We can now compute the average linear model:


In [104]:
from copy import copy

def average_linear_model(models):
    """Compute a linear model that is the average of the others"""
    avg = copy(models[0])

    avg.coef_ = np.sum([m.coef_ for m in models], axis=0)
    avg.coef_ /= len(models)
    
    avg.intercept_ = np.sum([m.intercept_ for m in models], axis=0)
    avg.intercept_ /= len(models)

    return avg
    

clf = average_linear_model(classifiers)

Let's compare the score of the average model with the scores of the individual classifiers. The average models can have a better generalization than the individual models being averaged:


In [108]:
clf.score(h_vectorizer.transform(text_test_all), target_test_all)


Out[108]:
0.7325905292479109

In [109]:
for c in classifiers:
    print(c.score(h_vectorizer.transform(text_test_all), target_test_all))


0.710306406685
0.701949860724

Averaging linear models learned on different datasets that follow the same distribution is a form of Ensemble method. Other Ensemble methods include:

  • Boosted models (see Gradient Tree Boosting available in 0.13 and AdaBoost in master),
  • Bagging (Bootstrap Aggregating) as done in Random Forests. Decision Trees as the base model
  • Other non-bootstrapped, randomized aggregate of Decision Trees such as Extremely Randomized Trees.
  • Averaging the probabilistic estimate of a library of randomized and / or heterogeneous linear or non-linear models.
  • Stacking, for instance: training a final Random Forest on the probabilistic class assignment output of a library of randomized and / or heterogeneous linear or non-linear models.

Limitations of the Hashing Vectorizer

Using the Hashing Vectorizer makes it possible to implement streaming and parallel text classification but can also introduce some issues:

  • The collisions can introduce too much noise in the data and degrade prediction quality,
  • The HashingVectorizer does not provide "Inverse Document Frequency" reweighting (lack of a use_idf=True option).
  • There is no easy way to inverse the mapping and find the feature names from the feature index.

The collision issues can be controlled by increasing the n_features parameters.

The IDF weighting might be reintroduced by appending a TfidfTransformer instance on the output of the vectorizer.

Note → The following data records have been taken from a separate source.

Lemma level0_aut : exists2 sg : {perm T}, is_aut e sg &
  forall a, g (Some (ord0, a)) = Some (ord0, sg a).
Proof.
pose f a := if g (Some (ord0, a)) is Some (_, b) then b else a.
have gf a : g (Some (ord0, a)) = Some (ord0, f a).
  by rewrite /f; have [b ->] := aut_level ord0 a.
have f_inj : injective f.
  by move=> a b fab; have := gf a; rewrite fab -gf => /perm_inj [].
exists (perm f_inj) => [|a]; last by rewrite permE.
apply: autP => a b; rewrite !permE.
have := autE g_aut (Some (ord0, a)) (Some (ord0, b)).
by rewrite !gf !myc_copies /level_adj /= !andbT.
Qed.

(* If g fixes level 0 then g = 1, by induction on the level: a copy at level
   n + 1 and its image have the same neighbours at level n, so they are
   copies of twin vertices of G. *)
Lemma aut_trivial_from_level0 :
  (forall a, g (Some (ord0, a)) = Some (ord0, a)) -> g = 1%g.
Proof.
move=> g_level0.
suff g_lvl n (s : 'I_t.+1) a : s = n :> nat -> g (Some (s, a)) = Some (s, a).
  by apply/permP => [[[s a]|]]; rewrite perm1 ?g_apex //; apply: (g_lvl s).
elim: n s a => [|n IHn] s a s_n.
  by have -> : s = ord0 by apply: val_inj.
have [b gsa] := aut_level s a; rewrite gsa; congr (Some (_, _)); apply: e_tf => c.
have n_le : n <= t by have := ltn_ord s; lia.
have := autE g_aut (Some (s, a)) (Some (lvl n, c)).
by rewrite gsa IHn ?lvlE // !myc_copies /level_adj lvlE // s_n eqxx !orbT !andbT.
Qed.

End ApexFixingAutomorphism.

Lemma low_iso_level0 :
  #|iso_copies [set~ ord_max] :\: iso_copies ([set~ ord_max] :\ ord0)| <= 1.
Proof.
apply/card_le1_eqP => [[[s1 v1]|] [[s2 v2]|]]; rewrite !inE //.
move=> /andP [n1 /andP [m1 i1]] /andP [n2 /andP [m2 i2]].
rewrite m1 i1 m2 i2 !andbT !negbK in n1 n2.
by rewrite (eqP n1) (eqP n2) (isolated_uniq e_tf i1 i2).
Qed.

(* Upper bound: a determining set S0 of G placed on level 0, together with the
   isolated copies at levels 1, ..., t - 1, determines the Mycielskian. *)
Lemma upper_bound (S0 : {set T}) : determining e S0 ->
  (forall g : {perm V}, is_aut E g -> g apex = apex) ->
  det_num E <= #|S0| + (if has_isolated e then t - 1 else 0).
Proof.
move=> detS0 fix_apex.
set mid : {set 'I_t.+1} := [set~ ord_max] :\ ord0.
set S' : {set V} := (fun v => Some (ord0, v)) @: S0 :|: iso_copies mid.
have card_mid : #|mid| = t - 1.
  have := cardsD1 ord0 [set~ (ord_max : 'I_t.+1)]; rewrite cardsC1 card_ord !inE.
  have -> : (ord0 != ord_max :> 'I_t.+1) by rewrite -(inj_eq val_inj) /=; lia.
  by rewrite /mid /= subn1 => /(congr1 predn) ->; rewrite add1n.
apply: leq_trans (det_le (S := S') _) _; last first.
  rewrite (leq_trans (leq_card_setU _ _)) // card_imset => [|v v' [] //].
  by rewrite leq_add2l card_iso_copies card_mid.
apply/detP => g g_aut g_S'.
have g_apex := fix_apex g g_aut.
have g_low : {in iso_copies [set~ ord_max], forall y, g y = y}.
  apply: (perm_fix_all_but_one (B := iso_copies mid)); first exact: aut_low_iso.
    exact: low_iso_level0.
  by move=> y; rewrite inE => /andP [_ y_mid]; apply: g_S'; rewrite inE y_mid orbT.
have [sg sg_aut g_level0] := level0_aut g_aut g_apex g_low.
have sg1 : sg = 1%g.
  apply: (proj1 (detP e S0) detS0 _ sg_aut) => v vS0.
  have : Some (ord0, v) \in S' by rewrite inE imset_f.
  by move/g_S'; rewrite g_level0 => -[].
by apply: aut_trivial_from_level0 g_aut g_apex g_low _ => a; rewrite g_level0 sg1 perm1.
Qed.

End Mycielskian.

Unset Implicit Arguments.

Theorem mainTheorem3 (T : finType) (e : rel T) :
  symmetric e -> irreflexive e -> twin_free e ->
  #|T| <> 1 ->
  ~ (#|T| = 2 /\ (forall x y : T, x != y -> e x y)) ->
  forall t : nat, 0 < t ->
    det_num (myc_rel e t) =
      (if has_isolated e then det_num e + t - 1 else det_num e).
Proof.
move=> e_sym e_irr e_tf T_ne1 not_K2 t t_gt0.
have fix_apex := myc_aut_fix_apex e_sym e_irr e_tf t_gt0 T_ne1 not_K2.
have [S0 detS0 S0_min] := det_ex e.
have [S1 detS1 S1_min] := det_ex (myc_rel e t).
have := upper_bound e_sym e_tf t_gt0 detS0 fix_apex; rewrite S0_min.
have := lower_bound e_sym e_tf t_gt0 detS1; rewrite S1_min.
by case: (has_isolated e); lia.
Qed.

However computing the idf_ statistic used for the feature reweighting will require to do at least one additional pass over the training set before being able to start training the classifier: this breaks the online learning scheme.

The lack of inverse mapping (the get_feature_names() method of TfidfVectorizer) is even harder to workaround. That would require extending the HashingVectorizer class to add a "trace" mode to record the mapping of the most important features to provide statistical debugging information.

In the mean time to debug feature extraction issues, it is recommended to use TfidfVectorizer(use_idf=False) on a small-ish subset of the dataset to simulate a HashingVectorizer() instance that have the get_feature_names() method and no collision issues.